For if A is a controlling part, then insofar as B is controlled, it actively functions as a part of the organism precisely when it engages in its characteristic activity under the direction of A. Thus without A, part B insofar as it was controlled ceases to actively function as a part of the organism, but A can function as a part of the organism without B. Thus, A can send out controlling signals or movements in the direction of where B was, and these signals or movements are part of the active functioning of A. But B, insofar as it was controlled, is no longer actively functioning as a part of the organism without A; it can only await control. Now if A was prosthetically replaced, then B can continue to contribute to the welfare of the organism, but it now lacks the organic interconnection with the rest of the organism that made it actively function as a part of the organism.

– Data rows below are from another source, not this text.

(* Fix $\sigma\in(0,\tfrac12)$. There exists $\lambda^{*}>0$ such that, denoting by $\overline{\Gamma_0(\lambda)}$ the closure of $\Gamma_0(\lambda)$ in $\mathbb{R}^2$: - for $\lambda\in(0,\lambda^{*})$, $\overline{\Gamma_0(\lambda)}\cap(\{0\}\times(-\infty,0))=\emptyset$; - for $\lambda=\lambda^{*}$, $\overline{\Gamma_0(\lambda)}\cap(\{0\}\times(-\infty,0))=\{(0,-\xi^{*})\}$ for some $\xi^{*}\in(0,+\infty)$; - for $\lambda>\lambda^{*}$, $\overline{\Gamma_0(\lambda)}\cap(\{0\}\times(-\infty,0))=\{(0,-\xi_0),(0,-\xi_1)\}$ for some $0<\xi_0<\xi_1$.
   Context: Let $g(s)=s^2(1-s)$ and $G(u)=u^3/3-u^4/4$ on $[0,1]$. For $\lambda>0$ and $s\in(0,1)$, let $(u_s,v_s)$ be the unique solution, on its maximal interval of existence, of $u'=v$, $v'=-\lambda g(u)$, $u(0)=s$, $v(0)=0$. Let $T_0(s)$ be the time taken by $(u_s,v_s)$ to go from $(s,0)$ to the half-line $\{0\}\times(-\infty,0)$ along the level line $v^2+2\lambda G(u)=2\lambda G(s)$, let $\mathcal{I}^0_\lambda=\{s\in(0,1):T_0(s)>\sigma\}$, and let $\Gamma_0(\lambda)=\{(u_s(\sigma),v_s(\sigma)): s\in\mathcal{I}^0_\lambda\}$. *)

From Stdlib Require Import Reals.
From Coquelicot Require Import Coquelicot.
Open Scope R_scope.

Definition g (s : R) : R := s ^ 2 * (1 - s).
Definition G (u : R) : R := u ^ 3 / 3 - u ^ 4 / 4.

(* (u,v) solves u' = v, v' = -lam g(u), u(0)=s, v(0)=0 on the time interval [0,T]
   (two-sided derivatives at every point of [0,T]).  Solutions are unique
   (the vector field is polynomial, hence locally Lipschitz), so any such pair
   coincides on [0,T] with the maximal solution (u_s, v_s). *)
Definition is_sol (lam s T : R) (u v : R -> R) : Prop :=
  u 0 = s /\ v 0 = 0 /\
  forall t, 0 <= t <= T ->
    is_derive u t (v t) /\ is_derive v t (- lam * g (u t)).

Definition on_halfline_at (lam s t : R) : Prop :=
  exists u v, is_sol lam s t u v /\ u t = 0 /\ v t < 0.

Definition T0 (lam s : R) : R :=
  real (Glb_Rbar (fun t => 0 <= t /\ on_halfline_at lam s t)).

Definition I0 (lam sigma : R) (s : R) : Prop :=
  0 < s < 1 /\ T0 lam s > sigma.

Definition Gamma0 (lam sigma : R) (p : R * R) : Prop :=
  exists s, I0 lam sigma s /\
    exists u v, is_sol lam s sigma u v /\ p = (u sigma, v sigma).

Definition closure2 (A : R * R -> Prop) (p : R * R) : Prop :=
  forall eps, 0 < eps -> exists q, A q /\
    sqrt ((fst p - fst q) ^ 2 + (snd p - snd q) ^ 2) < eps.

From Stdlib Require Import Reals Lra Psatz ClassicalEpsilon.
From Coquelicot Require Import Coquelicot.
Open Scope R_scope.

(* Along the level line v^2 = 2 lam (G s - G u) the substitution u = s (1 - w^2)
   turns the descent time from (s, 0) to the axis u = 0 into
   T0(s) = T1(s) / sqrt lam with T1(s) = int_0^1 2 dw / sqrt (2 s P(s, w)), where
   G s - G (s (1 - w^2)) = s^3 w^2 P(s, w) ([Pquot]) and P > 0 for 0 < s < 1.
   As s |-> 2 s P(s, w) is concave and x |-> 2 / sqrt x convex and decreasing,
   T1 is strictly convex; it blows up at both ends of (0,1), so it has a unique
   minimum m = T1 sm and each level c > m is taken exactly twice.
   A point of Gamma0(lam) close to the half-line comes from an s with T1(s)
   slightly above sigma sqrt lam, and it is then close to (0, -sqrt (2 lam G s)).
   Hence the closure meets the half-line exactly at the points (0, -sqrt (2 lam G s0))
   with T1(s0) = sigma sqrt lam, and lam* = (m / sigma)^2. *)

Lemma is_derive_continuity_pt (f : R -> R) x l : is_derive f x l -> continuity_pt f x.
Proof.
intros H. apply continuity_pt_filterlim, (@ex_derive_continuous R_AbsRing R_NormedModule).
exists l; exact H.
Qed.

Lemma ex_RInt_continuous_R (f : R -> R) a b :
  (forall z, Rmin a b <= z <= Rmax a b -> continuous f z) -> ex_RInt f a b.
Proof. apply (@ex_RInt_continuous R_CompleteNormedModule). Qed.

Lemma Rmin_pos_bounds a b : 0 < a -> 0 < b -> 0 < Rmin a b /\ Rmin a b <= a /\ Rmin a b <= b.
Proof. intros. split; [apply Rmin_glb_lt; auto|split; [apply Rmin_l|apply Rmin_r]]. Qed.

Lemma exists_step_inside s0 d : 0 < s0 < 1 -> 0 < d ->
  exists h, 0 < h < d /\ h < s0 /\ h < 1 - s0.
Proof.
intros. exists (Rmin d (Rmin s0 (1 - s0)) / 2).
pose proof (Rmin_l d (Rmin s0 (1 - s0))). pose proof (Rmin_r d (Rmin s0 (1 - s0))).
pose proof (Rmin_l s0 (1 - s0)). pose proof (Rmin_r s0 (1 - s0)).
assert (0 < Rmin d (Rmin s0 (1 - s0))) by (apply Rmin_glb_lt; [|apply Rmin_glb_lt]; lra).
lra.
Qed.

Lemma continuity_pt_Rabs (f : R -> R) x0 : continuity_pt f x0 ->
  forall e, 0 < e -> exists d, 0 < d /\ forall x, Rabs (x - x0) < d -> Rabs (f x - f x0) < e.
Proof.
intros H e He. destruct (H e He) as [d [Hd H']]. exists d. split; auto.
intros x Hx. destruct (Req_dec x x0) as [->|]; [rewrite Rminus_diag, Rabs_R0; auto|].
apply H'. split; [split; [constructor|auto]|]. exact Hx.
Qed.

Lemma is_derive_0_eq (f : R -> R) a b : a <= b ->
  (forall x, a < x < b -> is_derive f x 0) ->
  (forall x, a <= x <= b -> continuity_pt f x) -> f b = f a.
Proof.
intros Hab Hd Hc. destruct (Req_dec a b) as [->|]; [reflexivity|].
destruct (MVT_gen f a b (fun _ => 0)) as [c [_ Hf]].
- intros x Hx. rewrite Rmin_left, Rmax_right in Hx by lra. auto.
- intros x Hx. rewrite Rmin_left, Rmax_right in Hx by lra. auto.
- lra.
Qed.

Lemma IVT_interval (f : R -> R) a b y : a <= b ->
  (forall x, a <= x <= b -> continuity_pt f x) ->
  Rmin (f a) (f b) <= y <= Rmax (f a) (f b) -> exists z, a <= z <= b /\ f z = y.
Proof.
intros Hab Hc Hy.
destruct (Req_dec (f a) y) as [Ea|Ea]; [exists a; split; [lra|auto]|].
destruct (Req_dec (f b) y) as [Eb|Eb]; [exists b; split; [lra|auto]|].
destruct (Rle_dec (f a) (f b)).
- rewrite Rmin_left, Rmax_right in Hy by lra.
  destruct (Req_dec a b) as [<-|]; [lra|].
  destruct (Ranalysis5.IVT_interv (fun x => f x - y) a b) as [z [Hz Hfz]]; try lra.
  { intros; apply continuity_pt_minus; [auto|apply continuity_pt_const; intros ? ?; auto]. }
  exists z. split; [lra|simpl in Hfz; lra].
- rewrite Rmin_right, Rmax_left in Hy by lra.
  destruct (Req_dec a b) as [<-|]; [lra|].
  destruct (Ranalysis5.IVT_interv (fun x => y - f x) a b) as [z [Hz Hfz]]; try lra.
  { intros; apply continuity_pt_minus; [apply continuity_pt_const; intros ? ?; auto|auto]. }
  exists z. split; [lra|simpl in Hfz; lra].
Qed.
Definition is_tuple (Dom : Att -> V -> Prop) (X : {fset Att}) (t : tuple) : Prop :=
  domf t = X /\ (forall a v, t.[? a] = Some v -> Dom a v).

Definition krel := {fsfun tuple -> K with 0}.

Definition is_krel (Dom : Att -> V -> Prop) (X : {fset Att}) (R : krel) : Prop :=
  forall t, R t != 0 -> is_tuple Dom X t.

Definition restr (t : tuple) (Y : {fset Att}) : tuple := t.[& Y].

Definition proj (P : {fset tuple}) (W : {fset Att}) : {fset tuple} :=
  [fset restr t W | t in P].

Definition marginal (R : krel) (Y : {fset Att}) : krel :=
  [fsfun u in proj (finsupp R) Y =>
     \sum_(r <- finsupp R | restr r Y == u) R r | 0].

Definition krel_equiv (R S : krel) : Prop :=
  exists a b : K, [/\ a != 0, b != 0 & forall t, a * R t = b * S t].

Definition consistent (Dom : Att -> V -> Prop) (X Y : {fset Att}) (R S : krel) : Prop :=
  exists T : krel, [/\ is_krel Dom (X `|` Y) T,
                      krel_equiv R (marginal T X) & krel_equiv S (marginal T Y)].

Definition cfactor (T : krel) (Z : {fset Att}) (u : tuple) : K :=
  \prod_(v <- finsupp (marginal T Z) | v != u) marginal T Z v.

(* join R |><| S (R over X, S over Y); its support consists of tuples
   t over XY with t[X] in R', t[Y] in S', all of which are unions r + s. *)
Definition join (X Y : {fset Att}) (R S : krel) : krel :=
  [fsfun t in [fset (catf r s : tuple) | r : tuple in finsupp R, s : tuple in finsupp S] =>
     R (restr t X) * S (restr t Y) * cfactor S (X `&` Y) (restr t (X `&` Y)) | 0].

End KRel.

(* Positivity makes equivalence of K-relations transitive and support
   preserving, and marginals are compatible with it and compose; this gives
   (a) -> (b).  For (b) -> (c), the correction
   factors c_R and c_S are products of the Z-marginal values with one factor
   omitted, so a R[Z] = b S[Z] makes them proportional.  For (c) -> (d), the
   X-marginal of R |><| S is R scaled by the product of all nonzero values
   of S[Z] (marginal_join), and the Y-part follows by symmetry.  Finally
   (d) -> (a) is witnessed by T = R |><| S. *)

From Pilot Require Import Defs.
From HB Require Import structures.
From mathcomp Require Import all_boot all_order all_algebra.
From mathcomp Require Import finmap.
Set Implicit Arguments.
Unset Strict Implicit.
Unset Printing Implicit Defensive.
Import GRing.Theory.
Local Open Scope fset_scope.
Local Open Scope fmap_scope.

Section Tuples.
Variables (Att V : choiceType).
Implicit Types (t r s : Defs.tuple Att V) (A B X Y : {fset Att}).

Lemma restr_sub t A B : B `<=` A -> restr (restr t A) B = restr t B.
Proof. by move=> BA; rewrite /restr restrictf_comp; congr restrictf; apply/fsetIidPr. Qed.

Lemma restr_catf r s X Y : domf r = X -> domf s = Y ->
  restr r (X `&` Y) = restr s (X `&` Y) ->
  restr (catf r s) X = r /\ restr (catf r s) Y = s.
Proof.
move=> dr ds e; split; last by rewrite /restr -ds restrictf_cat_domr.
apply/fmapP=> k; rewrite fnd_restrict fnd_cat.
case: ifPn => kX; last by rewrite not_fnd //; apply: contra kX; rewrite -dr.
case: ifPn => // kY; rewrite ds in kY.
have := congr1 (fun f : Defs.tuple Att V => f.[? k]) e.
by rewrite /= !fnd_restrict in_fsetI kX kY.
Qed.

Lemma catf_restr t X Y : domf t `<=` X `|` Y ->
  catf (restr t X) (restr t Y) = t.
Proof.
move=> sub; apply/fmapP=> k; rewrite fnd_cat !fnd_restrict /restr domf_restrict in_fsetI.
case kY: (k \in Y) => /=.
  by case kt: (k \in domf t) => //=; case: ifP => // _; rewrite not_fnd // kt.
case: ifPn => // kX; rewrite not_fnd //; apply/negP => /(fsubsetP sub).
by rewrite in_fsetU (negPf kX) kY.
Qed.

End Tuples.

Local Open Scope ring_scope.

Section PositiveSemiring.
Variables (K : comNzSemiRingType) (HK : positive_semiring K).

Lemma pmulf_neq0 (a b : K) : a != 0 -> b != 0 -> a * b != 0.
Proof. by move=> a0 b0; apply/eqP => /(proj2 HK) [] /eqP; apply/negP. Qed.

Lemma pexpf_neq0 (a : K) n : a != 0 -> a ^+ n != 0.
Proof. by move=> a0; elim: n => [|n IH]; rewrite ?oner_neq0 // exprS pmulf_neq0. Qed.

Lemma pprod_neq0 (I : eqType) (s : seq I) (P : pred I) (F : I -> K) :
  (forall i, i \in s -> F i != 0) -> \prod_(i <- s | P i) F i != 0.
Proof.
move=> nz; rewrite big_seq_cond; apply: (big_ind (fun x => x != 0)).
- exact: oner_neq0.
- exact: pmulf_neq0.
- by move=> i /andP[/nz].
Qed.

Lemma psum_eq0 (I : eqType) (s : seq I) (P : pred I) (F : I -> K) :
  \sum_(i <- s | P i) F i = 0 -> forall i, i \in s -> P i -> F i = 0.
Proof.
elim: s => [|x s IH] //=; rewrite big_cons; case: ifP => Px.
  move=> /(proj1 HK) [h1 h2] i; rewrite in_cons => /orP[/eqP -> //|]; exact: IH.
by move=> h i; rewrite in_cons => /orP[/eqP ->|]; [rewrite Px | exact: IH].
Qed.

End PositiveSemiring.

Section Marginals.
Variables (K : comNzSemiRingType) (HK : positive_semiring K) (Att V : choiceType).
Local Notation tup := (Defs.tuple Att V).
Local Notation kr := (krel K Att V).
Implicit Types (R S T : kr) (X Y Z : {fset Att}).

Lemma krel_equiv_sym R S : krel_equiv R S -> krel_equiv S R.
Proof. by case=> a [b [a0 b0 e]]; exists b, a; split. Qed.

Lemma krel_equiv_trans R S T :
  krel_equiv R S -> krel_equiv S T -> krel_equiv R T.
Proof.
case=> a [b [a0 b0 eRS]] [c [d [c0 d0 eST]]].
exists (c * a), (b * d); split; try exact: pmulf_neq0.
by move=> t; rewrite -!mulrA eRS mulrCA eST mulrCA.
Qed.

Lemma krel_equiv_finsupp R S : krel_equiv R S -> finsupp R = finsupp S.
Proof.
case=> a [b [a0 b0 e]]; apply/fsetP => t; rewrite !mem_finsupp.
apply/idP/idP; apply: contra => /eqP t0; apply/eqP.
- have : a * R t = 0 by rewrite e t0 mulr0.
  by case/(proj2 HK) => // /eqP; rewrite (negPf a0).
- have : b * S t = 0 by rewrite -e t0 mulr0.
  by case/(proj2 HK) => // /eqP; rewrite (negPf b0).
Qed.

Lemma marginalE R Z u :
  marginal R Z u = \sum_(r <- finsupp R | restr r Z == u) R r.
Proof.
rewrite /marginal fsfunE; case: ifPn => // uN; apply/esym/big1_seq => r /andP[/eqP ru rin].
by case/negP: uN; apply/imfsetP; exists r.
Qed.

Lemma finsupp_marginal R Z : finsupp (marginal R Z) = proj (finsupp R) Z.
Proof.
apply/fsetP => u; rewrite mem_finsupp marginalE; apply/idP/idP.
  apply: contraR => uN; apply/eqP/big1_seq => r /andP[/eqP ru rin].
  by case/negP: uN; apply/imfsetP; exists r.
case/imfsetP => r rin ->; apply/eqP => /(psum_eq0 HK) r0.
by move: (rin); rewrite mem_finsupp (r0 r rin (eqxx _)) eqxx.
Qed.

In fact, in this case, B is itself almost like a prosthesis. For imagine that someone had a leg severed above the knee, and then doctors built a mechanical leg that had electrical motors instead of muscles. But, upon the patient’s request, they built the mechanical leg around the bones of the severed leg. The movement of these bones is now controlled by electrical motors instead of muscles. It seems that in this case the bones are hardly a part of the body—we just have a prosthesis that happens to be in part built out of organic matter derived from the original.

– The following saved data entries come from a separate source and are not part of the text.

Theorem theorem2 (e s : nat) (he : (1 < e)%N) (hs : (1 < s)%N)
  (Model : Type) (phi : Model -> Prop) (cost : Model -> (e + s).-tuple bool)
  (minimize : bool)
  (Hsat : exists M, phi M /\ ~~ isNaN e s (cost M))
  (M : Model) (HM : phi M) (HMnan : ~~ isNaN e s (cost M))
  (Hlex : lex_max_traj phi cost minimize (cost M)) :
  ~ (exists M' : Model, phi M' /\ ~~ isNaN e s (cost M') /\
       better minimize (fpvalue e s (cost M')) (fpvalue e s (cost M))).
Proof.
have [e_gt0 s_gt0] := (ltnW he, ltnW hs).
case=> M' [phi_M' [nu_num nu_better]].
set mu := cost M in HMnan Hlex nu_better; set nu := cost M' in nu_num nu_better.
have nu_neq_mu : nu != mu :> seq bool.
  by apply: contraTneq nu_better => ->; rewrite /better /fp_lt !andbN if_same.
have [k [lt_k take_nu neq_k]] :=
  exists_first_diff false (etrans (size_tuple nu) (esym (size_tuple mu))) nu_neq_mu.
rewrite size_tuple in lt_k.
have [d att_d] := attractor_exists minimize e_gt0 s_gt0 HMnan (ltnW lt_k).
have tau_k := tau_rel_take e_gt0 s_gt0 HMnan Hlex (ltnW lt_k).
have mu_d := lex_max_traj_agrees_attractor Hlex lt_k tau_k att_d phi_M' nu_num take_nu neq_k.
apply/negP: nu_better.
exact: (attractor_first_diff_not_better e_gt0 s_gt0 HMnan nu_num lt_k take_nu neq_k att_d mu_d).
Qed.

In fact, it is plausible that if a part of the body controls and coordinates the functioning of several other parts, then, at least typically, the organism can survive the prosthetic replacement of the controlled parts at least as long as the controlling part continues to control and coordinate the prostheses, but perhaps not the other way around. For a vivid image of the asymmetry, imagine replacing the arms of the octopus by mechnical prostheses versus replacing the central portion. If we replace the central portion, then literally the arms are no longer organically connected to each other—they are mechanically connected to each other. But if we replace the arms, then it seems that we still have the same octopus.

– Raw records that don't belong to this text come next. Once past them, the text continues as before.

(* In the rationalizable model, consider the following principal algorithm: for each agent $i=1,\dots,n$ and each opponent profile $a_{-i}\in A_{-i}$, the principal runs the single-agent binary-search procedure on agent $i$ (for each $a_i\in A_i$, use $\mathcal{O}(\log(1/\varepsilon))$ binary-search rounds to approximate to precision $\varepsilon$ the smallest $P^*(a_i)\in[0,1]$ such that agent $i$ plays $a_i$ when paid $P^*(a_i)$ on $a_i$ and $0$ on its other actions, and set $\tilde U_i(a_i,a_{-i}):=-P^*(a_i)$), while during these rounds paying every other agent $j\ne i$ according to $P_j^t(a_j')=2\cdot\mathbb{1}[a_j'=a_j]$, where $a_j$ is agent $j$'s action in $a_{-i}$; finally it outputs $\tilde U$. This algorithm $\varepsilon$-learns any game in $\mathcal{O}(nM\log(1/\varepsilon))$ rounds.
   Context: A normal-form game has agents $i\in[n]$, finite action sets $A_i$ with $|A_i|=m_i\ge2$, $A=A_1\times\dots\times A_n$, $M=\prod_i m_i$, and utilities $U_i:A\to[0,1]$. The game is played over rounds $t=1,2,\dots$: the principal chooses payment functions $P_i^t:A_i\to\mathbb{R}_+$, creating the game $\Gamma^t$ with utilities $U_i^t(a)=U_i(a)+P_i^t(a_i)$; agents simultaneously choose actions $a_i^t$; the principal observes $a^t$. The principal initially knows only the action sets and that utilities lie in $[0,1]$. Rationalizable model: in each round each agent plays an action that survives iterated elimination of strictly dominated actions in $\Gamma^t$ (an action $a_i$ is strictly dominated if some mixed strategy $x_i\in\Delta(A_i)$ satisfies $U_i^t(x_i,a_{-i})>U_i^t(a_i,a_{-i})$ for all $a_{-i}$). The principal $\varepsilon$-learns the game if it outputs $\tilde U_i:A\to\mathbb{R}$ such that there exist $W_i:A_{-i}\to\mathbb{R}$ with $|U_i(a)+W_i(a_{-i})-\tilde U_i(a)|\le\varepsilon$ for all $i$ and $a\in A$. *)

From HB Require Import structures.
From mathcomp Require Import all_boot all_order all_algebra.
From mathcomp Require Import reals exp.
Unset Printing Implicit Defensive.
Import Order.TTheory GRing.Theory Num.Theory.
Local Open Scope ring_scope.

Section Games.
Variable R : realType.
Variable n : nat.
Variable m : 'I_n -> nat.

Definition profile := {dffun forall i : 'I_n, 'I_(m i)}.

(* (c, a_{-i}) : replace the i-th coordinate of a by c *)
Definition upd (a : profile) (i : 'I_n) (c : 'I_(m i)) : profile :=
  @finfun _ (fun j => 'I_(m j)) (@dfwith _ (fun j => 'I_(m j)) (fun j => a j) i c).

Definition utilities := forall i : 'I_n, profile -> R.
Definition payments := forall i : 'I_n, 'I_(m i) -> R.

Definition with_pay (U : utilities) (P : payments) : utilities :=
  fun i a => U i a + P i (a i).

Definition dominated (G : utilities) (S : forall i : 'I_n, 'I_(m i) -> Prop)
    (i : 'I_n) (b : 'I_(m i)) : Prop :=
  exists x : 'I_(m i) -> R,
    [/\ (forall c, 0 <= x c), \sum_(c : 'I_(m i)) x c = 1,
        (forall c, ~ S i c -> x c = 0) &
        forall a : profile, (forall j, j != i -> S j (a j)) ->
          G i (upd a i b) < \sum_(c : 'I_(m i)) x c * G i (upd a i c)].

(* surviving actions after k rounds of (simultaneous) iterated elimination of
   strictly dominated actions *)
Fixpoint surv (G : utilities) (k : nat) : forall i : 'I_n, 'I_(m i) -> Prop :=
  match k with
  | 0 => fun _ _ => True
  | k'.+1 => fun i b => surv G k' i b /\ ~ dominated G (surv G k') i b
  end.

Definition rationalizable (G : utilities) (a : profile) : Prop :=
  forall (i : 'I_n) (k : nat), surv G k i (a i).

(* Interactive principal algorithms: in each round the principal posts
   payments and observes the resulting action profile, or it stops and
   outputs an estimate Ut of the utilities. *)
Inductive principal : Type :=
  | Query of payments & (profile -> principal)
  | Output of utilities.

Definition history := seq (payments * profile).

(* Agent behaviour: (possibly history dependent, adversarial) choice of the
   action profile played in the posted game. *)
Definition behaviour := history -> payments -> profile.

Definition rational_behaviour (U : utilities) (beh : behaviour) : Prop :=
  forall (h : history) (P : payments), rationalizable (with_pay U P) (beh h P).

Fixpoint exec (p : principal) (beh : behaviour) (h : history)
    : nat * utilities :=
  match p with
  | Output Ut => (0%N, Ut)
  | Query P k =>
      let a := beh h P in
      let r := exec (k a) beh (rcons h (P, a)) in (r.1.+1, r.2)
  end.

(* eps-learning: exists W_i depending only on a_{-i} *)
Definition eps_learns (U Ut : utilities) (eps : R) : Prop :=
  exists W : utilities,
    (forall (i : 'I_n) (a : profile) (c : 'I_(m i)), W i (upd a i c) = W i a) /\
    (forall (i : 'I_n) (a : profile), `|U i a + W i a - Ut i a| <= eps).

Definition utilities_in01 (U : utilities) : Prop :=
  forall i a, 0 <= U i a <= 1.

Definition pay_for (i : 'I_n) (a : profile) (p : R) : payments :=
  fun j b => if b == a j then (if j == i then p else 2) else 0.

(* K rounds of binary search on [lo, hi] for the threshold payment P-star(a_i);
   the continuation receives the final upper end , i.e. the estimate of P-star *)
Fixpoint bsearch (K : nat) (i : 'I_n) (a : profile) (lo hi : R)
    (cont : R -> principal) : principal :=
  match K with
  | 0 => cont hi
  | K'.+1 =>
      let mid := (lo + hi) / 2 in
      Query (pay_for i a mid)
        (fun b => if b i == a i then bsearch K' i a lo mid cont
                  else bsearch K' i a mid hi cont)
  end.

Definition est_upd (est : utilities) (i : 'I_n) (a : profile) (p : R)
    : utilities :=
  fun j b => if (j == i) && (b == a) then p else est j b.

Fixpoint run_all (K : nat) (l : seq ('I_n * profile)) (est : utilities)
    : principal :=
  match l with
  | [::] => Output (fun j b => - est j b)
  | (i, a) :: l' => bsearch K i a 0 1 (fun p => run_all K l' (est_upd est i a p))
  end.

(* number of binary search rounds: K = floor(log2(1/eps)) + 1, so 2^-K <= eps *)
Definition nsteps (eps : R) : nat := (Num.truncn (ln (eps^-1) / ln 2)).+1.

Definition algorithm (eps : R) : principal :=
  run_all (nsteps eps) [seq (i, a) | i <- enum 'I_n, a <- enum {: profile}]
    (fun _ _ => 0).

End Games.

Arguments utilities_in01 {R n m}.
Arguments rational_behaviour {R n m}.
Arguments eps_learns {R n m}.
Arguments exec {R n m}.

From HB Require Import structures.
From mathcomp Require Import all_boot all_order all_algebra.
From mathcomp Require Import reals exp.
From mathcomp Require Import ring lra.
Set Implicit Arguments.
Import Order.TTheory GRing.Theory Num.Theory.
Local Open Scope ring_scope.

The intuition about the replacement of controlled parts can be argued for on the following grounds. At least a part of what defines an organism as a living organism of its natural kind is not the actual performance of life functions but something more like a striving for such performance. Think of the fish out of water which struggles to extract oxygen from its unnatural environment. As long as it is striving, it is alive.

Now if the controlling part is no longer there, then it is difficult to attribute to the organism any of the strivings of the controlled parts. If a heart is stimulated so that it keeps on beating after being disconnected from an animal, its beating is no longer a part of the organism’s striving for oxygenating the internal organs. However, if there is no longer a functional organic heart but the lower brain continues to send signals that control the heart rate, then it makes sense to say that the organism continues to strive to oxygenate the internal organs, even if this striving will be unsuccessful. Thus if the controlled parts are replaced by prostheses but the controlling part remains functional, it appears possible to attribute the striving for performance of life functions to the organism.

Now, at least in vertebrates, we can say that there is a fairly well defined nervous system that controls and coordinates the functioning of the rest of the organism. Therefore, prosthestic replacement of everything but the nervous system should preserve the identity of the organism. It follows that a human animal could survive the prosthetic replacement of everything outside of its nervous system.

Moreover, it is not necessary that all of the nervous system survive. For instance, the parts of the nervous system that merely carry signals can be thought of as under the control of other parts, and hence are not necessary for survival. But likewise neither are all of the controlling portions necessary for survival, but only a sufficiently substantial part of them are needed, a part large enough to identify the strivings of the remainder as strivings of the same organism. It is very plausible that the brain would be such a substantial part without the spinal cord, even thought the spinal cord has some autonomous control.

Of course there is a difficulty here in specifying what counts as a “sufficiently substantial part”. We would not say that a mammal survived if everything but the spinal cord were destroyed. Perhaps the specification should be done in terms of functional complexity as in the previous section. Or perhaps one might note that while the brain exercises some control over the functioning of the spinal cord, the spinal cord does not seem to exercise similar control over the functioning of the brain.

Therefore, in those animals where the brain forms a sufficiently substantial part of the nervous system and the nervous system is sufficiently controlling, the animal can survive the destruction of everything but the brain, assuming prosthetic help. This is true of the adult human but may not be true of reptiles.

Note that on the control criterion, whether a human animal can survive prosthetic replacement of everything but the brain can depend on the stage of development. Thus, in a human embryo at a stage where the brain has little controlling functionality, the animal might be able to survive the destruction of the brain, and will not be able to survive the replacement of everything but the brain. This is how it should be. We need to be open to the possibility that as an animal develops, the answer to the question of which parts are more central to its organic functioning may change.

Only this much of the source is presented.